» YOUR ASSIGNMENT
Reproduce the listing below word for word.

--- --- ---

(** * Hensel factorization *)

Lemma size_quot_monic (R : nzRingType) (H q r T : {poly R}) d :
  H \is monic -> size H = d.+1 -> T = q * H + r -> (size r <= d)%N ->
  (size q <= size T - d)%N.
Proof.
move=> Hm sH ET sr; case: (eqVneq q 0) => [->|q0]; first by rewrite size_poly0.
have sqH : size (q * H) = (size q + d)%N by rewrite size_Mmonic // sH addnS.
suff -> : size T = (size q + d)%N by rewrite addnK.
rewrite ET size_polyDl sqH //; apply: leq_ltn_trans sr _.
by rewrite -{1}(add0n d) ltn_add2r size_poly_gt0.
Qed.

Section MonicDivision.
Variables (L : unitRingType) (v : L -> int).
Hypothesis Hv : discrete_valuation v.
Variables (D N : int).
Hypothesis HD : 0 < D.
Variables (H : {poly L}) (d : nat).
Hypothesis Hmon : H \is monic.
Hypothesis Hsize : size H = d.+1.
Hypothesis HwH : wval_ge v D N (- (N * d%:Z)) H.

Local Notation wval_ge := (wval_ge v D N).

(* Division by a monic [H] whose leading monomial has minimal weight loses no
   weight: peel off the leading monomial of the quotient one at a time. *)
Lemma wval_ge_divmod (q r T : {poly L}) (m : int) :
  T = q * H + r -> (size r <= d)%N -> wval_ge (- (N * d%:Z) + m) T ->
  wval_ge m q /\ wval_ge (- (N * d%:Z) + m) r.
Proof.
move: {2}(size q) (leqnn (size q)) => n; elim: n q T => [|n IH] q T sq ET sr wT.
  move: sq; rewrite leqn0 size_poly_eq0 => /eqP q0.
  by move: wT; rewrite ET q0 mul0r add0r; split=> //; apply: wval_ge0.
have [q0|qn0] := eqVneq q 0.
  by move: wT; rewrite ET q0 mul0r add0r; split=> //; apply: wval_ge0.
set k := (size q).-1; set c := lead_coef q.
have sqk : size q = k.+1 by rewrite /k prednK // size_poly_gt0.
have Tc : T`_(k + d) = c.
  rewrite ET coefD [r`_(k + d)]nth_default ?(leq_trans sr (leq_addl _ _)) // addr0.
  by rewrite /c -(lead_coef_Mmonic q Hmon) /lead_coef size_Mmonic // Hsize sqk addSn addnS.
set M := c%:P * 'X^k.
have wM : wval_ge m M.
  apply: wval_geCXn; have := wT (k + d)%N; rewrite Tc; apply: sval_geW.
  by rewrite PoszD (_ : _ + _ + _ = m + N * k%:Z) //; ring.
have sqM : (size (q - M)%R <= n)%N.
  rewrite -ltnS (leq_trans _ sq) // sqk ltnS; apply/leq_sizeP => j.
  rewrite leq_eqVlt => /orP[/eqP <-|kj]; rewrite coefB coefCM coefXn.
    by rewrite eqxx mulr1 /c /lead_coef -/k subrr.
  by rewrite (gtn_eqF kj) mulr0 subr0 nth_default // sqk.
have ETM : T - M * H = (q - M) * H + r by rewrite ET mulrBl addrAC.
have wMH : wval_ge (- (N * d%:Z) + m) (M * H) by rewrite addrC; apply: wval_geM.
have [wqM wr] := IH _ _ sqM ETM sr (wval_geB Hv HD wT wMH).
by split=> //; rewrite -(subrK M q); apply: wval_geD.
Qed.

--- --- ---

» SOLUTION FOR THIS PROBLEM
(** * Hensel factorization *)

Lemma size_quot_monic (R : nzRingType) (H q r T : {poly R}) d :
  H \is monic -> size H = d.+1 -> T = q * H + r -> (size r <= d)%N ->
  (size q <= size T - d)%N.
Proof.
move=> Hm sH ET sr; case: (eqVneq q 0) => [->|q0]; first by rewrite size_poly0.
have sqH : size (q * H) = (size q + d)%N by rewrite size_Mmonic // sH addnS.
suff -> : size T = (size q + d)%N by rewrite addnK.
rewrite ET size_polyDl sqH //; apply: leq_ltn_trans sr _.
by rewrite -{1}(add0n d) ltn_add2r size_poly_gt0.
Qed.

Section MonicDivision.
Variables (L : unitRingType) (v : L -> int).
Hypothesis Hv : discrete_valuation v.
Variables (D N : int).
Hypothesis HD : 0 < D.
Variables (H : {poly L}) (d : nat).
Hypothesis Hmon : H \is monic.
Hypothesis Hsize : size H = d.+1.
Hypothesis HwH : wval_ge v D N (- (N * d%:Z)) H.

Local Notation wval_ge := (wval_ge v D N).

(* Division by a monic [H] whose leading monomial has minimal weight loses no
   weight: peel off the leading monomial of the quotient one at a time. *)
Lemma wval_ge_divmod (q r T : {poly L}) (m : int) :
  T = q * H + r -> (size r <= d)%N -> wval_ge (- (N * d%:Z) + m) T ->
  wval_ge m q /\ wval_ge (- (N * d%:Z) + m) r.
Proof.
move: {2}(size q) (leqnn (size q)) => n; elim: n q T => [|n IH] q T sq ET sr wT.
  move: sq; rewrite leqn0 size_poly_eq0 => /eqP q0.
  by move: wT; rewrite ET q0 mul0r add0r; split=> //; apply: wval_ge0.
have [q0|qn0] := eqVneq q 0.
  by move: wT; rewrite ET q0 mul0r add0r; split=> //; apply: wval_ge0.
set k := (size q).-1; set c := lead_coef q.
have sqk : size q = k.+1 by rewrite /k prednK // size_poly_gt0.
have Tc : T`_(k + d) = c.
  rewrite ET coefD [r`_(k + d)]nth_default ?(leq_trans sr (leq_addl _ _)) // addr0.
  by rewrite /c -(lead_coef_Mmonic q Hmon) /lead_coef size_Mmonic // Hsize sqk addSn addnS.
set M := c%:P * 'X^k.
have wM : wval_ge m M.
  apply: wval_geCXn; have := wT (k + d)%N; rewrite Tc; apply: sval_geW.
  by rewrite PoszD (_ : _ + _ + _ = m + N * k%:Z) //; ring.
have sqM : (size (q - M)%R <= n)%N.
  rewrite -ltnS (leq_trans _ sq) // sqk ltnS; apply/leq_sizeP => j.
  rewrite leq_eqVlt => /orP[/eqP <-|kj]; rewrite coefB coefCM coefXn.
    by rewrite eqxx mulr1 /c /lead_coef -/k subrr.
  by rewrite (gtn_eqF kj) mulr0 subr0 nth_default // sqk.
have ETM : T - M * H = (q - M) * H + r by rewrite ET mulrBl addrAC.
have wMH : wval_ge (- (N * d%:Z) + m) (M * H) by rewrite addrC; apply: wval_geM.
have [wqM wr] := IH _ _ sqM ETM sr (wval_geB Hv HD wT wMH).
by split=> //; rewrite -(subrK M q); apply: wval_geD.
Qed.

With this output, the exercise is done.